Columbus's 42 goals scored this season are running well behind their 48.61 expected goals, and looks likely to fall well short of the second-best-in-MLS 72 they tallied last year. While they remain one of the league’s most ball-dominant, aesthetically-pleasing sides – which helped convince Abou Ali to make the move from Egyptian powerhouse Al Ahly – that paucity of ruthlessness in front of goal is a key factor in their middling 5W-4L-6D record since mid-May.

"It was a club with an idea, with ambitions. They play the best football in the MLS, or soccer, as you guys say. So it was very simple,” said the 26-year-old. “I felt like I had an opportunity to come here and help the team. They were maybe missing out on a striker, on that position.

"It took some time, it was difficult, but we got it done in the end and I'm super excited.”

Pursuading a global star

Columbus’ pursuit dates back to December, Tall & Co. having admired his “effort and audacity” for years, since his time in Scandinavia. Abou Ali’s star turn in the FIFA Club World Cup complicated matters, though.

He rocketed into the global spotlight with a hat trick in Al Ahly’s riveting 4-4 group-stage draw with FC Porto at MetLife Stadium in perhaps the wildest match of the tournament, made all the more memorable by the Cairo club’s surprisingly large throngs of passionate red-clad supporters in suburban New Jersey.

Tall later admitted to being “pissed” at the sudden prospect of Abou Ali’s new fame derailing his move to the Ohio capital amid interest from elsewhere. Yet the player himself had already taken note of the Crew’s patient, persistent recruitment and had positive firsthand reports from an old friend, defender Malte Amundsen. So he stayed the course, even amid resistance from Al Ahly and their fans, who were desperate to keep hold of the man who helped the Red Devils win the African Champions League and back-to-back Egyptian Premier League titles.

"I was very convinced. I had many talks with my agent,” explained Abou Ali. “I'm the type of guy – I prefer to go to a club where people scout me well, where people have an idea of where they see my role in the team, and maybe not because I played one good game at a World Cup, for example.

“I had a good training session,” he later added, “today and yesterday, training with the team. Very impressed, very, very impressed. You can feel this is a team that's good on the ball. People are quick, very quick-minded, and some different things I have to adapt to, while still keeping my style of play, the direct style I have as a striker, because that's something I don't want to lose as well.”

Unique addition

The reported $7.5 million-plus fee paid by Columbus ranks third in club history, behind only Cucho and Lucas Zelarayán, and would make Abou Ali the most expensive outbound transfer both in Egyptian league history and among Palestinian players all-time.

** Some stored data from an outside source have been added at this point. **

Lemma ln_EZ_ge_linear (x : R) (y : bool -> R) (Hy : forall c, 0 < y c) (T : nat)
  (Hsub : forall a,
     y a <= sum_f_R0 (fun i => exp x ^ S i * (K (S i) * transfer eps beta h (S i) a y)) T) :
  exists A, forall n, A - INR (S n) * x <= ln (EZ K eps beta h (S n)).
Proof.
  destruct (Zpin_ge_subsolution (exp x) (exp_pos x) y Hy T Hsub) as [c [Hc Hlow]].
  pose proof (Hy true) as Hyt.
  exists (ln (/ 2 * c * y true)); intro n.
  replace (ln (/ 2 * c * y true) - INR (S n) * x)
    with (ln (/ 2 * c * y true * exp (- (INR (S n) * x)))).
  2: { rewrite ln_mult, ln_exp; [ring | | apply exp_pos].
       apply Rmult_lt_0_compat; [apply Rmult_lt_0_compat|]; lra. }
  apply ln_le_compat.
  { apply Rmult_lt_0_compat; [apply Rmult_lt_0_compat; [apply Rmult_lt_0_compat|]|]; try lra.
    apply exp_pos. }
  rewrite EZ_Zpin. pose proof (Zpin_pos (S n) false).
  assert (Hpin : c * y true * exp (- (INR (S n) * x)) <= Zpin K eps beta h true (S n)).
  { specialize (Hlow (S n) true). rewrite pow_exp in Hlow.
    rewrite exp_Ropp. apply (Rmult_le_reg_l (exp (INR (S n) * x))); [apply exp_pos|].
    replace (exp (INR (S n) * x) * (c * y true * / exp (INR (S n) * x))) with (c * y true)
      by (field; apply exp_neq_0).
    exact Hlow. }
  lra.
Qed.

End Comparison.

Lemma not_Un_cv_0_linear_growth (u : nat -> R) (A d : R) : 0 < d ->
  (forall n, A + INR (S n) * d <= u n) -> ~ Un_cv (fun n => u n / INR (S n)) 0.
Proof.
  intros Hd Hu Hcv.
  destruct (Hcv (d / 2)) as [N HN]; [lra|].
  destruct (INR_archimed (d / 2) (Rabs A) ltac:(lra)) as [M HM].
  set (n := max N M).
  assert (Hs : INR M <= INR (S n)) by (apply le_INR; unfold n; lia).
  assert (Hs0 : 0 < INR (S n)) by (apply lt_0_INR; lia).
  specialize (HN n ltac:(unfold n; lia)). specialize (Hu n).
  unfold Rdist in HN. rewrite Rminus_0_r in HN. apply Rabs_def2 in HN.
  set (q := u n / INR (S n)) in HN.
  assert (Hq : u n = q * INR (S n)) by (unfold q; field; lra).
  pose proof (Rle_abs (- A)) as HA. rewrite Rabs_Ropp in HA.
  assert (INR M * (d / 2) <= INR (S n) * (d / 2)) by (apply Rmult_le_compat_r; lra).
  nra.
Qed.

Lemma Un_cv_0_sublinear (u : nat -> R) (B : R) :
  (forall n, u n <= B) -> (forall x, 0 < x -> exists A, forall n, A - INR (S n) * x <= u n) ->
  Un_cv (fun n => u n / INR (S n)) 0.
Proof.
  intros HB Hlow e He.
  destruct (Hlow (e / 2)) as [A HA]; [lra|].
  destruct (INR_archimed (e / 2) (Rabs B + Rabs A) ltac:(lra)) as [N HN].
  exists N; intros n Hn.
  assert (Hs : INR N <= INR (S n)) by (apply le_INR; lia).
  assert (Hs0 : 0 < INR (S n)) by (apply lt_0_INR; lia).
  specialize (HA n); specialize (HB n).
  unfold Rdist. rewrite Rminus_0_r. set (q := u n / INR (S n)).
  assert (Hq : u n = q * INR (S n)) by (unfold q; field; lra).
  pose proof (Rle_abs B); pose proof (Rle_abs (- A)) as HA'. rewrite Rabs_Ropp in HA'.
  pose proof (Rabs_pos A); pose proof (Rabs_pos B).
  assert (INR N * (e / 2) <= INR (S n) * (e / 2)) by (apply Rmult_le_compat_r; lra).
  apply Rabs_def1; nra.
Qed.

Lemma infinite_sum_ext (f g : nat -> R) (l : R) :
  (forall i, f i = g i) -> infinite_sum f l -> infinite_sum g l.
Proof.
  intros Hfg Hf. apply (Un_cv_ext (sum_f_R0 f)); [|exact Hf].
  intro n; apply sum_eq; intros; apply Hfg.
Qed.

Lemma infinite_sum_lincomb (f g : nat -> R) (lf lg a b : R) :
  infinite_sum f lf -> infinite_sum g lg ->
  infinite_sum (fun i => a * f i + b * g i) (a * lf + b * lg).
Proof.
  intros Hf Hg.
  assert (Hcst : forall c : R, Un_cv (fun _ => c) c).
  { intros c e He; exists 0%nat; intros. unfold Rdist. rewrite Rminus_diag, Rabs_R0. lra. }
  apply (Un_cv_ext (fun n => a * sum_f_R0 f n + b * sum_f_R0 g n)).
  { intro n; induction n as [|n IH]; simpl; [ring | rewrite <- IH; ring]. }
  apply CV_plus; apply CV_mult; auto.
Qed.

Lemma infinite_sum_eventually_gt (f : nat -> R) (l th : R) :
  infinite_sum f l -> th < l -> exists N, forall n, (N <= n)%nat -> th < sum_f_R0 f n.
Proof.
  intros Hf Hth. destruct (Hf (l - th)) as [N HN]; [lra|].
  exists N; intros n Hn. specialize (HN n Hn). unfold Rdist in HN.
  apply Rabs_def2 in HN. lra.
Qed.

Lemma sum_f_R0_weighted_ge (f w : nat -> R) (th l : R) (T : nat) : 0 < th ->
  (forall i, 0 <= f i) -> (forall i, (i <= T)%nat -> / th <= w i) ->
  th * l < sum_f_R0 f T -> l <= sum_f_R0 (fun i => w i * f i) T.
Proof.
  intros Hth Hf Hw Hl.
  apply Rle_trans with (sum_f_R0 (fun i => f i * / th) T).
  { rewrite <- scal_sum. apply (Rmult_le_reg_l th); [exact Hth|].
    rewrite <- Rmult_assoc, Rinv_r, Rmult_1_l; lra. }
  apply sum_Rle; intros i Hi. rewrite Rmult_comm.
  apply Rmult_le_compat_r; [apply Hf | apply Hw; exact Hi].
Qed.

(* sum_t K(t) Q^t(a, c), the transition matrix averaged over one renewal gap. *)
Definition Pavg (p : R) (a c : bool) : R := if Bool.eqb a c then p else 1 - p.

Definition mu (p beta : R) : R := p * cosh beta + sqrt (p ^ 2 * cosh beta ^ 2 - 2 * p + 1).

(* Eigenvector of [[p, 1 - p], [1 - p, p]] * diag(e^beta, e^-beta) for its Perron root [mu]. *)
Definition perron_vector (p beta : R) (c : bool) : R :=
  if c then (1 - p) * exp (- beta) else mu p beta - p * exp beta.

Lemma exp_mul_exp_opp (x : R) : exp x * exp (- x) = 1.
Proof. rewrite exp_Ropp. field. apply exp_neq_0. Qed.

Section Perron.

Variables (p beta : R).
Hypothesis Hp : 0 < p < 1.

Lemma cosh_exp : cosh beta = (exp beta + exp (- beta)) / 2.
Proof. reflexivity. Qed.

Lemma mu_discriminant_nonneg : 0 <= p ^ 2 * cosh beta ^ 2 - 2 * p + 1.
Proof.
  rewrite cosh_exp. pose proof (exp_mul_exp_opp beta).
  set (E := exp beta) in *; set (F := exp (- beta)) in *.
  replace (p ^ 2 * ((E + F) / 2) ^ 2 - 2 * p + 1)
    with ((p * ((E - F) / 2)) ^ 2 + p * p * (E * F) - 2 * p + 1) by field.
  pose proof (pow2_ge_0 (p * ((E - F) / 2))). nra.
Qed.

Lemma mu_quadratic :
  mu p beta ^ 2 - p * (exp beta + exp (- beta)) * mu p beta + 2 * p - 1 = 0.
Proof.
  pose proof (sqrt_sqrt _ mu_discriminant_nonneg) as Hs.
  unfold mu. set (s := sqrt _) in *. rewrite cosh_exp in *.
  transitivity (s * s - (p ^ 2 * ((exp beta + exp (- beta)) / 2) ^ 2 - 2 * p + 1));
    [field | rewrite Hs; ring].
Qed.

Lemma mu_pos : 0 < mu p beta.
Proof.
  assert (Hcosh : 0 < cosh beta).
  { rewrite cosh_exp. pose proof (exp_pos beta); pose proof (exp_pos (- beta)). lra. }
  pose proof (sqrt_pos (p ^ 2 * cosh beta ^ 2 - 2 * p + 1)). unfold mu. nra.
Qed.

Lemma perron_vector_pos c : 0 < perron_vector p beta c.
Proof.
  destruct c; simpl.
  - apply Rmult_lt_0_compat; [lra | apply exp_pos].
  - pose proof (sqrt_sqrt _ mu_discriminant_nonneg) as Hs.
    pose proof (sqrt_pos (p ^ 2 * cosh beta ^ 2 - 2 * p + 1)) as Hs0.
    pose proof (exp_mul_exp_opp beta) as HEF.
    unfold mu. set (s := sqrt _) in *. rewrite cosh_exp in *.
    set (E := exp beta) in *; set (F := exp (- beta)) in *.
    assert (Hgap : s * s = (p * (E - F) / 2) ^ 2 + (1 - p) ^ 2).
    { rewrite Hs. transitivity ((p * (E - F) / 2) ^ 2 + p ^ 2 * (E * F) - 2 * p + 1);
        [field | rewrite HEF; ring]. }
    assert (Hmu : p * ((E + F) / 2) + s - p * E = s - p * (E - F) / 2) by field.
    rewrite Hmu. nra.
Qed.

Lemma weight_true h : weight beta h true = exp h * exp beta.
Proof. unfold weight, spin. rewrite Rmult_1_r, exp_plus; ring. Qed.

Lemma weight_false h : weight beta h false = exp h * exp (- beta).
Proof.
  unfold weight, spin. replace (beta * -1 + h) with (- beta + h) by ring.
  rewrite exp_plus; ring.
Qed.

Lemma perron_eigen h a :
  weight beta h true * perron_vector p beta true * Pavg p a true
  + weight beta h false * perron_vector p beta false * Pavg p a false
  = exp h * mu p beta * perron_vector p beta a.
Proof.
  pose proof mu_quadratic as Hq. pose proof (exp_mul_exp_opp beta) as HEF.
  rewrite weight_true, weight_false. unfold perron_vector, Pavg.
  set (E := exp beta) in *; set (F := exp (- beta)) in *; set (m := mu p beta) in *.
  destruct a; simpl.
  - transitivity (exp h * ((1 - p) * F * m + p * (1 - p) * (E * F - E * F))); ring.
  - transitivity (exp h * ((1 - p) * (1 - p) * (E * F) + p * F * m - p * p * (E * F)));
      [ring|].
    rewrite HEF. transitivity (exp h * (m * m - p * E * m)); [|ring].
    f_equal. nra.
Qed.

End Perron.

Section Annealed_critical_point.

Variables (K : nat -> R) (eps beta p : R).
Hypothesis HK : forall n, (1 <= n)%nat -> 0 < K n.
Hypothesis HKsum : infinite_sum (fun n => K (S n)) 1.
Hypothesis Heps : 0 <= eps < 1.
Hypothesis Hp : infinite_sum (fun n => K (S n) * ((1 + (2 * eps - 1) ^ (S n)) / 2)) p.

Let Heps1 : 0 <= eps <= 1.
Proof. lra. Qed.

Lemma p_bounds : 0 < p < 1.
Proof.
  assert (Hr : forall t, -1 <= (2 * eps - 1) ^ t <= 1) by (intro; apply pow_between_m1_1; lra).
  split.
  - apply Rlt_le_trans with (sum_f_R0 (fun n => K (S n) * ((1 + (2 * eps - 1) ^ (S n)) / 2)) 1).
    + simpl. pose proof (HK 1 ltac:(lia)); pose proof (HK 2 ltac:(lia)).
      pose proof (pow2_ge_0 (2 * eps - 1)). nra.
    + apply sum_incr; [exact Hp|]. intro n.
      apply Rmult_le_pos; [left; apply HK; lia|]. specialize (Hr (S n)). lra.
  - assert (Hq : infinite_sum (fun n => K (S n) * ((1 - (2 * eps - 1) ^ (S n)) / 2)) (1 - p)).
    { replace (1 - p) with (-1 * p + 1 * 1) by ring.
      eapply infinite_sum_ext; [|exact (infinite_sum_lincomb _ _ _ _ (-1) 1 Hp HKsum)].
      intro n; cbv beta; field. }
    enough (Hsum : 0 < sum_f_R0 (fun n => K (S n) * ((1 - (2 * eps - 1) ^ (S n)) / 2)) 0
                     <= 1 - p) by lra.
    split.
    + simpl. pose proof (HK 1 ltac:(lia)). nra.
    + apply sum_incr; [exact Hq|]. intro n.
      apply Rmult_le_pos; [left; apply HK; lia|]. specialize (Hr (S n)). lra.
Qed.

Lemma transfer_series h (v : bool -> R) a :
  infinite_sum (fun i => K (S i) * transfer eps beta h (S i) a v)
    (weight beta h true * v true * Pavg p a true + weight beta h false * v false * Pavg p a false).
Proof.
  set (wt := weight beta h true * v true); set (wf := weight beta h false * v false).
  destruct a; unfold Pavg; simpl.
  - replace (wt * p + wf * (1 - p)) with ((wt - wf) * p + wf * 1) by ring.
    eapply infinite_sum_ext; [|apply (infinite_sum_lincomb _ _ _ _ _ _ Hp HKsum)].
    intro i; unfold transfer, Qpow, sgn; simpl; unfold wt, wf; field.
  - replace (wt * (1 - p) + wf * p) with ((wf - wt) * p + wt * 1) by ring.
    eapply infinite_sum_ext; [|apply (infinite_sum_lincomb _ _ _ _ _ _ Hp HKsum)].
    intro i; unfold transfer, Qpow, sgn; simpl; unfold wt, wf; field.
Qed.

Lemma transfer_series_perron h a :
  infinite_sum (fun i => K (S i) * transfer eps beta h (S i) a (perron_vector p beta))
    (exp h * mu p beta * perron_vector p beta a).
Proof. rewrite <- perron_eigen by exact p_bounds. apply transfer_series. Qed.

He also appears to be just the third Palestinian international ever to play in MLS, another pioneering aspect of his move to North America.

“As a person born in Denmark, roots from Palestine, I'm happy and proud of that,” he said. “Playing in the Palestinian national team, it's a big honor to represent my country and represent my people.

“To be a big face of the Palestinian national team and the people is, of course, a thing I'm proud of, and if I can make people happy by doing the thing I love the most, [which] is playing soccer, then that's enough for me.”

Nancy and his staff have been careful to bring him along slowly since his arrival, mindful of a recent hamstring issue. But Abou Ali said the injury “has been good for some time,” and he hopes to make his Crew debut vs. the New England Revolution on Saturday (7:30 pm ET | MLS Season Pass).